### Task
Please transcribe exactly, and only, the lines of the data below between the line holding "Definition prod_lift : fullT" and the line holding "have [j [k [jk", inclusive.

Stored items:
Lemma sum_persp_le (I : finType) (P : pred I) (u v : I -> R) (t : R) :
  (\sum_(j | P j) persp (u j) (v j) <= t%:E)%E <->
  (forall b : I -> R, \sum_(j | P j) persp_minorant (b j) (u j) (v j) <= t).
Proof.
split=> [le_t b | minorant_le].
  rewrite -lee_fin -sumEFin; apply: le_trans le_t.
  by apply: lee_sum => j _; exact: persp_minorant_le.
have [[j Pj uvj]|finite] := pselect (exists2 j, P j & persp (u j) (v j) = +oo%E).
  have [b bj] := persp_minorant_unbounded t uvj.
  have := minorant_le (fun k => if k == j then b else 0).
  rewrite (bigD1 j) //= eqxx big1 ?addr0 => [|k /andP[_ /negbTE ->]].
    by rewrite leNgt bj.
  by rewrite /persp_minorant !mul0r expr0n mul0r mul0r subr0.
pose b j := if 0 < v j then 2 * u j / v j else 0.
rewrite (eq_bigr (fun j => (persp_minorant (b j) (u j) (v j))%:E)) => [|j Pj].
  by rewrite sumEFin lee_fin minorant_le.
by apply: persp_minorant_attained; apply/eqP => uvj; apply: finite; exists j.
Qed.

Lemma persp_scale (c w : R) : 0 <= w -> persp (c * w) w = (c ^+ 2 * w)%:E.
Proof.
rewrite le_eqVlt /persp => /predU1P[<-|w_gt0]; first by rewrite ltxx mulr0 eqxx mulr0.
by rewrite w_gt0; congr (_%:E); field; rewrite gt_eqF.
Qed.

Lemma affine_persp_minorant (T : finType) b (U W : (T -> R) -> R) :
  affine U -> affine W -> affine (fun x => persp_minorant b (U x) (W x)).
Proof.
move=> affU affW.
have -> : (fun x => persp_minorant b (U x) (W x)) = (fun x => b * U x + - (b ^+ 2 / 4) * W x).
  by apply/funext => x; rewrite /persp_minorant; ring.
exact: affineD (affineZ b affU) (affineZ _ affW).
Qed.

End Perspective.

Section SubsetExpansion.
Variables (R : comPzRingType) (I : finType).

Lemma sum_subsets_prod (A : {set I}) (a b : I -> R) :
  \sum_(t : {set I} | t \subset A) (\prod_(k in t) a k * \prod_(k in A :\: t) b k) =
  \prod_(k in A) (a k + b k).
Proof.
rewrite big_mkcond [RHS]big_mkcond /=.
have -> : \prod_k (if k \in A then a k + b k else 1) =
    \prod_k ((if k \in A then a k else 0) + (if k \in A then b k else 1)).
  by apply: eq_bigr => k _; case: (k \in A); rewrite ?add0r.
rewrite bigA_distr; apply: eq_bigr => t _.
case: ifPn => [tA|/fintype.subsetPn[k kt kA]]; last first.
  by rewrite (bigD1 k) //= kt (negbTE kA) mul0r.
rewrite big_mkcond [X in _ * X]big_mkcond -big_split /=.
apply: eq_bigr => k _; rewrite finset.in_setD.
case: ifP => [kt|_]; first by rewrite (fintype.subsetP tA _ kt) mulr1.
by rewrite mul1r; case: ifP.
Qed.

Lemma sum_subsets_mem_prod (A : {set I}) (i : I) (a b : I -> R) : i \in A ->
  \sum_(t : {set I} | (t \subset A) && (i \in t))
     (\prod_(k in t :\ i) a k * \prod_(k in A :\: t) b k) =
  \prod_(k in A :\ i) (a k + b k).
Proof.
(* Forcing i into t, i.e. a i := 1 and b i := 0, reduces this to sum_subsets_prod. *)
move=> iA; pose a' k := if k == i then 1 else a k; pose b' k := if k == i then 0 else b k.
have := sum_subsets_prod A a' b'.
rewrite (big_setD1 i iA) /= {2}/a' {2}/b' eqxx addr0 mul1r.
have a'b'E : \prod_(k in A :\ i) (a' k + b' k) = \prod_(k in A :\ i) (a k + b k).
  by apply: eq_bigr => k; rewrite !inE /a' /b' => /andP[/negbTE ->].
rewrite a'b'E (bigID (fun t : {set I} => i \in t)) /=.
rewrite [X in _ + X]big1 => [|t /andP[_ it]]; last first.
  by rewrite [X in _ * X](big_setD1 i) ?inE ?iA ?it //= /b' eqxx mul0r mulr0.
rewrite addr0 => <-; apply: eq_bigr => t /andP[_ it].
rewrite (big_setD1 i it) /= /a' eqxx mul1r; congr (_ * _).
  by apply: eq_bigr => k; rewrite !inE => /andP[/negbTE ->].
by apply: eq_bigr => k; rewrite !inE /b' => /andP[kt _]; case: eqP kt => // ->; rewrite it.
Qed.

End SubsetExpansion.

Section RelaxationConstraints.
Variables (R : realType) (V : finType) (E : {set {set V}}) (Lm Lp : {set V}).
Variables (i : V) (M : {set V}).

Local Notation FT := (fullT E (Lm :|: Lp) M).

Definition orig_part (x : FT -> R) : origT E (Lm :|: Lp) -> R := fun p => x (inl p).
Definition aux_part (x : FT -> R) : auxT E M -> R := fun s => x (inr s).

Lemma affine_zS S : affine (fun x : FT -> R => zS (orig_part x) (aux_part x) S).
Proof.
rewrite /zS /zE; case: (#|S| == 0%N); first exact: affine_cst.
case: (#|S| == 1%N).
  by case: [pick k in S] => [k|]; [exact: affine_proj | exact: affine_cst].
case: (S \in E); first by case: insub => [e|]; [exact: affine_proj | exact: affine_cst].
by case: insub => [s|]; [exact: affine_proj | exact: affine_cst].
Qed.

Lemma affine_ell J1 J2 : affine (fun x : FT -> R => ell (orig_part x) (aux_part x) J1 J2).
Proof. by apply: affine_sum => t _; apply: affineZ; exact: affine_zS. Qed.

Lemma affine_zL k : affine (fun x : FT -> R => zL (orig_part x) k).
Proof. by rewrite /zL; case: insub => [l|]; [exact: affine_proj | exact: affine_cst]. Qed.

Definition relax_constraint (c : ({set V} -> R) + {J : {set V} | J \subset M})
    (x : FT -> R) : R :=
  let z := orig_part x in let a := aux_part x in
  match c with
  | inl b => \sum_(J : {set V} | (J \subset M) && (i \in J))
      persp_minorant (b J) (ell z a J (M :\: J)) (ell z a (J :\: [set i]) (M :\: J))
      - zL z i
  | inr J => - ell z a (val J) (M :\: val J)
  end.

Lemma affine_relax_constraint c : affine (relax_constraint c).
Proof.
case: c => [b|J] /=; last exact/affineN/affine_ell.
apply: affineD; last exact/affineN/affine_zL.
by apply: affine_sum => J _; apply: affine_persp_minorant; exact: affine_ell.
Qed.

Lemma relaxE : @relax R V E Lm Lp M i = halfspace_cap relax_constraint.
Proof.
apply/seteqP; split => x /=.
  move=> [/sum_persp_le minorant_le ell_ge0] [b|J] /=; first by rewrite subr_le0.
  by rewrite oppr_le0; apply: ell_ge0 (valP J).
move=> constraint_le0; split.
  by apply/sum_persp_le => b; rewrite -subr_le0; exact: (constraint_le0 (inl b)).
by move=> J JM; rewrite -oppr_le0; exact: (constraint_le0 (inr (exist _ J JM))).
Qed.

End RelaxationConstraints.

Section ProductLift.
Variables (R : realType) (V : finType) (E : {set {set V}}) (L M : {set V}).
Hypothesis edges_are_pairs : forall e, e \in E -> exists j k : V, j != k /\ e = [set j; k].
Variable q : origT E L -> R.
Hypothesis edge_prod :
  forall j k, j != k -> [set j; k] \in E -> zE q [set j; k] = zV q j * zV q k.

Definition aux_prod : auxT E M -> R := fun s => \prod_(k in val s) zV q k.

Definition prod_lift : fullT E L M -> R :=
  fun y => match y with inl p => q p | inr s => aux_prod s end.

Lemma zS_lift (S : {set V}) : S \subset M -> zS q aux_prod S = \prod_(k in S) zV q k.
Proof.
move=> SM; rewrite /zS; case: ifP => [/eqP/cards0_eq ->|S_ne0]; first by rewrite big_set0.
case: ifP => [/cards1P[k ->]|S_ne1].
  by case: pickP => [k'|/(_ k)]; rewrite inE ?eqxx // => /eqP ->; rewrite big_set1.
case: ifP => [SE|SnE].
  have [j [k [jk eS]]] := edges_are_pairs SE; rewrite eS in SE *.
  by rewrite edge_prod // big_setU1 ?inE // big_set1.
case: insubP => [s _ <- //|]; rewrite SM SnE andbT /=.
by move: S_ne0 S_ne1; case: #|S| => [|[|]].
Qed.

Lemma ell_lift (J1 J2 : {set V}) : [disjoint J1 & J2] -> J1 :|: J2 \subset M ->
  ell q aux_prod J1 J2 = \prod_(k in J1) zV q k * \prod_(k in J2) (1 - zV q k).
Proof.
move=> J12 J12M; transitivity (\prod_(k in J1) zV q k *
    \sum_(t : {set V} | t \subset J2) (\prod_(k in t) - zV q k * \prod_(k in J2 :\: t) 1)).
  rewrite mulr_sumr; apply: eq_bigr => t tJ2.
  rewrite zS_lift; last exact: fintype.subset_trans (finset.setUS J1 tJ2) J12M.
  rewrite (eq_bigl [predU J1 & t]) => [|k]; last by rewrite !inE.
  rewrite bigU /=; last exact: disjointWr J12.
  by rewrite big1_eq prodrN; ring.
rewrite (sum_subsets_prod J2 (fun k => - zV q k) (fun=> 1)); congr (_ * _).
by apply: eq_bigr => k _; rewrite addrC.
Qed.

End ProductLift.

Section QPInRelaxation.
Variables (R : realType) (V : finType) (E : {set {set V}}) (Lm Lp : {set V}).
Variables (i : V) (M : {set V}).
Hypothesis edges_are_pairs : forall e, e \in E -> exists j k : V, j != k /\ e = [set j; k].

Lemma relax_lift (q : origT E (Lm :|: Lp) -> R) : @QP_points R V E Lm Lp q ->
  i \in Lp -> i \in M -> @relax R V E Lm Lp M i (prod_lift q).
Proof.
move=> [sq_le [_ [edge_prod z01]]] iLp iM.
have z_ge0 k : 0 <= zV q k by case/andP: (z01 k).
have one_sub_z_ge0 k : 0 <= 1 - zV q k by rewrite subr_ge0; case/andP: (z01 k).
have ellE (J' J : {set V}) : J' \subset J -> J \subset M ->
    ell q (aux_prod (M := M) q) J' (M :\: J) =
    \prod_(k in J') zV q k * \prod_(k in M :\: J) (1 - zV q k).
  move=> J'J JM; apply: ell_lift => //.
    rewrite finset.disjoints_subset; apply/fintype.subsetP => k kJ'.
    by rewrite !inE (fintype.subsetP J'J).
  by rewrite finset.subUset finset.subsetDl (fintype.subset_trans J'J JM).
split=> [|J JM]; last by rewrite ellE // mulr_ge0 // prodr_ge0.
rewrite (eq_bigr (fun J => (zV q i ^+ 2 *
    (\prod_(k in J :\ i) zV q k * \prod_(k in M :\: J) (1 - zV q k)))%:E)) => [|J /andP[JM iJ]].
  rewrite sumEFin -mulr_sumr (sum_subsets_mem_prod (zV q) (fun k => 1 - zV q k) iM).
  by rewrite big1 => [|k _]; [rewrite mulr1 lee_fin; exact: sq_le | rewrite addrC subrK].
rewrite !ellE ?finset.subsetDl // (big_setD1 i iJ) /= -mulrA persp_scale //.
by rewrite mulr_ge0 // prodr_ge0.
Qed.

End QPInRelaxation.

Unset Implicit Arguments.

Theorem proposition5 (R : realType) (V : finType) (E : {set {set V}})
  (Lm Lp : {set V}) (i : V) (M : {set V}) :
  (forall e, e \in E -> exists j k : V, j != k /\ e = [set j; k]) ->
  [disjoint Lm & Lp] ->
  i \in Lp ->
  M \subset @nbhd V E (Lm :|: Lp) i ->
  i \in M ->
  closed (@relax R V E Lm Lp M i : set {ptws @fullT V E (Lm :|: Lp) M -> R^o}) /\
  convex_set (@relax R V E Lm Lp M i) /\
  (@QP R V E Lm Lp `<=` (fun x => x \o inl) @` @relax R V E Lm Lp M i)%classic.
Proof.
move=> edges_are_pairs _ iLp _ iM; rewrite relaxE.
have affine_constraints := @affine_relax_constraint R V E Lm Lp i M.
split; first exact: closed_halfspace_cap.
split; first exact: convex_halfspace_cap.
move=> _ [n [w [p [w_ge0 [w_sum1 [pQP ->]]]]]].
exists (\sum_k w k *: prod_lift (M := M) (p k)).
  apply: halfspace_cap_convex_comb => // k; rewrite -relaxE.
  exact: relax_lift.
by apply/funext => o; rewrite /= !fct_sumE.
Qed.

### Task answer
Definition prod_lift : fullT E L M -> R :=
  fun y => match y with inl p => q p | inr s => aux_prod s end.

Lemma zS_lift (S : {set V}) : S \subset M -> zS q aux_prod S = \prod_(k in S) zV q k.
Proof.
move=> SM; rewrite /zS; case: ifP => [/eqP/cards0_eq ->|S_ne0]; first by rewrite big_set0.
case: ifP => [/cards1P[k ->]|S_ne1].
  by case: pickP => [k'|/(_ k)]; rewrite inE ?eqxx // => /eqP ->; rewrite big_set1.
case: ifP => [SE|SnE].
  have [j [k [jk eS]]] := edges_are_pairs SE; rewrite eS in SE *.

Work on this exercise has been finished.